**Required action**
Please copy every record exactly as it is written.

· · · · · · ·

Lemma tspan_subspace (P : V -> W -> Prop) :
  (forall a v w, P v w -> P (a *: v) w) -> subspace (tspan tm P).
Proof.
move=> PZ; split=> [|a u v [s [Ps ->]] Pv]; first exact: tspan0.
apply: tspanD => //; exists [seq (a *: p.1, p.2) | p <- s]; split.
  by move=> p /mapP [q /Ps Pq ->]; apply: PZ.
by rewrite big_map scaler_sumr; apply: eq_bigr => p _; rewrite tmZl.
Qed.

(* The span of the pure tensors, with the corestricted bilinear map, is again
   universal; uniqueness of lifts then forces it to be the whole space. *)
Definition pure_span : {pred tens V W} :=
  fun X => `[< tspan tm (fun _ _ => True) X >].

Lemma pure_span_closed : subsemimod_closed pure_span.
Proof.
have S := tspan_subspace (fun _ _ _ (_ : True) => I).
split; first split.
- by apply/asboolP; exact: tspan0.
- by move=> x y /asboolP Sx /asboolP Sy; apply/asboolP; apply: tspanD.
- by move=> a x /asboolP Sx; apply/asboolP; apply: subspaceZ.
Qed.

HB.instance Definition _ :=
  GRing.isSubmodClosed.Build k (tens V W) pure_span pure_span_closed.
Record pure_spanT := PureSpan { psval :> tens V W ; _ : psval \in pure_span }.
HB.instance Definition _ := [isSub for psval].
HB.instance Definition _ := [Choice of pure_spanT by <:].
HB.instance Definition _ := [SubChoice_isSubLmodule of pure_spanT by <:].

Lemma tens_sum (X : tens V W) :
  exists s : seq (V * W), X = \sum_(p <- s) p.1 *t p.2.
Proof.
have pure v w : v *t w \in pure_span by apply/asboolP; exact: tspan_tm.
pose f v w : pure_spanT := PureSpan (pure v w).
have f_bilin : is_bilin f.
  by split=> [w|v] a u u'; apply: val_inj; rewrite /= ?(tmDl, tmZl, tmDr, tmZr).
have lift_lin : is_lin (fun x => psval (tlift tm f x)) by move=> a u v; rewrite tlift_lin.
have := tens_ext lift_lin (@lin_id _ _) (fun v w => congr1 psval (tlift_tm f_bilin v w)).
move=> /(_ X) /= <-; case: (tlift tm f X) => /= Y /asboolP [s [_ ->]].
by exists s.
Qed.

Lemma tens_ind (P : tens V W -> Prop) :
  P 0 -> (forall x y, P x -> P y -> P (x + y)) -> (forall v w, P (v *t w)) ->
  forall X, P X.
Proof.
move=> P0 PD Ptm X; have [s ->] := tens_sum X.
by elim: s => [|p s IH]; rewrite ?big_nil ?big_cons //; apply: PD.
Qed.

End TensorLaws.

Lemma bilin_tm (U V U' V' : lmodType k) (f : U -> U') (g : V -> V') :
  is_lin f -> is_lin g -> is_bilin (fun u v => f u *t g v).
Proof. by move=> f_lin g_lin; apply: bilin_precomp => //; exact: tm_bilin. Qed.

Lemma tlift_comb (V W X : lmodType k) (f g : V -> W -> X) (c : k) :
  is_bilin f -> is_bilin g -> forall x,
  tlift tm (fun v w => c *: f v w + g v w) x = c *: tlift tm f x + tlift tm g x.
Proof.
move=> f_bilin g_bilin x; symmetry.
apply: (tlift_uniq (g := fun x => c *: tlift tm f x + tlift tm g x)).
- exact: bilin_comb.
- exact: lin_comb (tlift_lin f_bilin) (tlift_lin g_bilin).
by move=> v w; rewrite !tlift_tm.
Qed.

Lemma tlift_comp (V W X Y : lmodType k) (h : X -> Y) (f : V -> W -> X) :
  is_lin h -> is_bilin f -> forall x,
  h (tlift tm f x) = tlift tm (fun v w => h (f v w)) x.
Proof.
move=> h_lin f_bilin; apply: (tlift_uniq (g := fun x => h (tlift tm f x))).
- exact: bilin_comp.
- exact: lin_comp h_lin (tlift_lin f_bilin).
by move=> v w; rewrite /= tlift_tm.
Qed.

Lemma tlift_scale (V W X : lmodType k) (f : V -> W -> X) (c : k) :
  is_bilin f -> forall x, tlift tm (fun v w => c *: f v w) x = c *: tlift tm f x.
Proof.
move=> f_bilin x; have tlift0 : tlift tm (fun (_ : V) (_ : W) => 0 : X) x = 0.
  symmetry; apply: (tlift_uniq (g := fun _ => 0)) => //; first exact: bilin_zero.
  exact: lin_zero.
have := tlift_comb c f_bilin (@bilin_zero _ V W X) x; rewrite tlift0 addr0 => <-.
by congr tlift; apply/funext => v; apply/funext => w; rewrite addr0.
Qed.

Lemma tlift_lin_param (P V W X : lmodType k) (F : P -> V -> W -> X) :
  (forall q, is_bilin (F q)) -> (forall v w, is_lin (fun q => F q v w)) ->
  forall x, is_lin (fun q => tlift tm (F q) x).
Proof.
move=> F_bilin F_lin x a q q'.
rewrite (tlift_ext (g := fun v w => a *: F q v w + F q' v w)) ?tlift_comb //.
by move=> v w; rewrite F_lin.
Qed.

Section TensorMaps.
Variables (U V U' V' : lmodType k) (f : U -> U') (g : V -> V').
Hypotheses (f_lin : is_lin f) (g_lin : is_lin g).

· · · · · · ·

**Solution to this exercise**
Lemma tspan_subspace (P : V -> W -> Prop) :
  (forall a v w, P v w -> P (a *: v) w) -> subspace (tspan tm P).
Proof.
move=> PZ; split=> [|a u v [s [Ps ->]] Pv]; first exact: tspan0.
apply: tspanD => //; exists [seq (a *: p.1, p.2) | p <- s]; split.
  by move=> p /mapP [q /Ps Pq ->]; apply: PZ.
by rewrite big_map scaler_sumr; apply: eq_bigr => p _; rewrite tmZl.
Qed.

(* The span of the pure tensors, with the corestricted bilinear map, is again
   universal; uniqueness of lifts then forces it to be the whole space. *)
Definition pure_span : {pred tens V W} :=
  fun X => `[< tspan tm (fun _ _ => True) X >].

Lemma pure_span_closed : subsemimod_closed pure_span.
Proof.
have S := tspan_subspace (fun _ _ _ (_ : True) => I).
split; first split.
- by apply/asboolP; exact: tspan0.
- by move=> x y /asboolP Sx /asboolP Sy; apply/asboolP; apply: tspanD.
- by move=> a x /asboolP Sx; apply/asboolP; apply: subspaceZ.
Qed.

HB.instance Definition _ :=
  GRing.isSubmodClosed.Build k (tens V W) pure_span pure_span_closed.
Record pure_spanT := PureSpan { psval :> tens V W ; _ : psval \in pure_span }.
HB.instance Definition _ := [isSub for psval].
HB.instance Definition _ := [Choice of pure_spanT by <:].
HB.instance Definition _ := [SubChoice_isSubLmodule of pure_spanT by <:].

Lemma tens_sum (X : tens V W) :
  exists s : seq (V * W), X = \sum_(p <- s) p.1 *t p.2.
Proof.
have pure v w : v *t w \in pure_span by apply/asboolP; exact: tspan_tm.
pose f v w : pure_spanT := PureSpan (pure v w).
have f_bilin : is_bilin f.
  by split=> [w|v] a u u'; apply: val_inj; rewrite /= ?(tmDl, tmZl, tmDr, tmZr).
have lift_lin : is_lin (fun x => psval (tlift tm f x)) by move=> a u v; rewrite tlift_lin.
have := tens_ext lift_lin (@lin_id _ _) (fun v w => congr1 psval (tlift_tm f_bilin v w)).
move=> /(_ X) /= <-; case: (tlift tm f X) => /= Y /asboolP [s [_ ->]].
by exists s.
Qed.

Lemma tens_ind (P : tens V W -> Prop) :
  P 0 -> (forall x y, P x -> P y -> P (x + y)) -> (forall v w, P (v *t w)) ->
  forall X, P X.
Proof.
move=> P0 PD Ptm X; have [s ->] := tens_sum X.
by elim: s => [|p s IH]; rewrite ?big_nil ?big_cons //; apply: PD.
Qed.

End TensorLaws.

Lemma bilin_tm (U V U' V' : lmodType k) (f : U -> U') (g : V -> V') :
  is_lin f -> is_lin g -> is_bilin (fun u v => f u *t g v).
Proof. by move=> f_lin g_lin; apply: bilin_precomp => //; exact: tm_bilin. Qed.

Lemma tlift_comb (V W X : lmodType k) (f g : V -> W -> X) (c : k) :
  is_bilin f -> is_bilin g -> forall x,
  tlift tm (fun v w => c *: f v w + g v w) x = c *: tlift tm f x + tlift tm g x.
Proof.
move=> f_bilin g_bilin x; symmetry.
apply: (tlift_uniq (g := fun x => c *: tlift tm f x + tlift tm g x)).
- exact: bilin_comb.
- exact: lin_comb (tlift_lin f_bilin) (tlift_lin g_bilin).
by move=> v w; rewrite !tlift_tm.
Qed.

Lemma tlift_comp (V W X Y : lmodType k) (h : X -> Y) (f : V -> W -> X) :
  is_lin h -> is_bilin f -> forall x,
  h (tlift tm f x) = tlift tm (fun v w => h (f v w)) x.
Proof.
move=> h_lin f_bilin; apply: (tlift_uniq (g := fun x => h (tlift tm f x))).
- exact: bilin_comp.
- exact: lin_comp h_lin (tlift_lin f_bilin).
by move=> v w; rewrite /= tlift_tm.
Qed.

Lemma tlift_scale (V W X : lmodType k) (f : V -> W -> X) (c : k) :
  is_bilin f -> forall x, tlift tm (fun v w => c *: f v w) x = c *: tlift tm f x.
Proof.
move=> f_bilin x; have tlift0 : tlift tm (fun (_ : V) (_ : W) => 0 : X) x = 0.
  symmetry; apply: (tlift_uniq (g := fun _ => 0)) => //; first exact: bilin_zero.
  exact: lin_zero.
have := tlift_comb c f_bilin (@bilin_zero _ V W X) x; rewrite tlift0 addr0 => <-.
by congr tlift; apply/funext => v; apply/funext => w; rewrite addr0.
Qed.

Lemma tlift_lin_param (P V W X : lmodType k) (F : P -> V -> W -> X) :
  (forall q, is_bilin (F q)) -> (forall v w, is_lin (fun q => F q v w)) ->
  forall x, is_lin (fun q => tlift tm (F q) x).
Proof.
move=> F_bilin F_lin x a q q'.
rewrite (tlift_ext (g := fun v w => a *: F q v w + F q' v w)) ?tlift_comb //.
by move=> v w; rewrite F_lin.
Qed.

Section TensorMaps.
Variables (U V U' V' : lmodType k) (f : U -> U') (g : V -> V').
Hypotheses (f_lin : is_lin f) (g_lin : is_lin g).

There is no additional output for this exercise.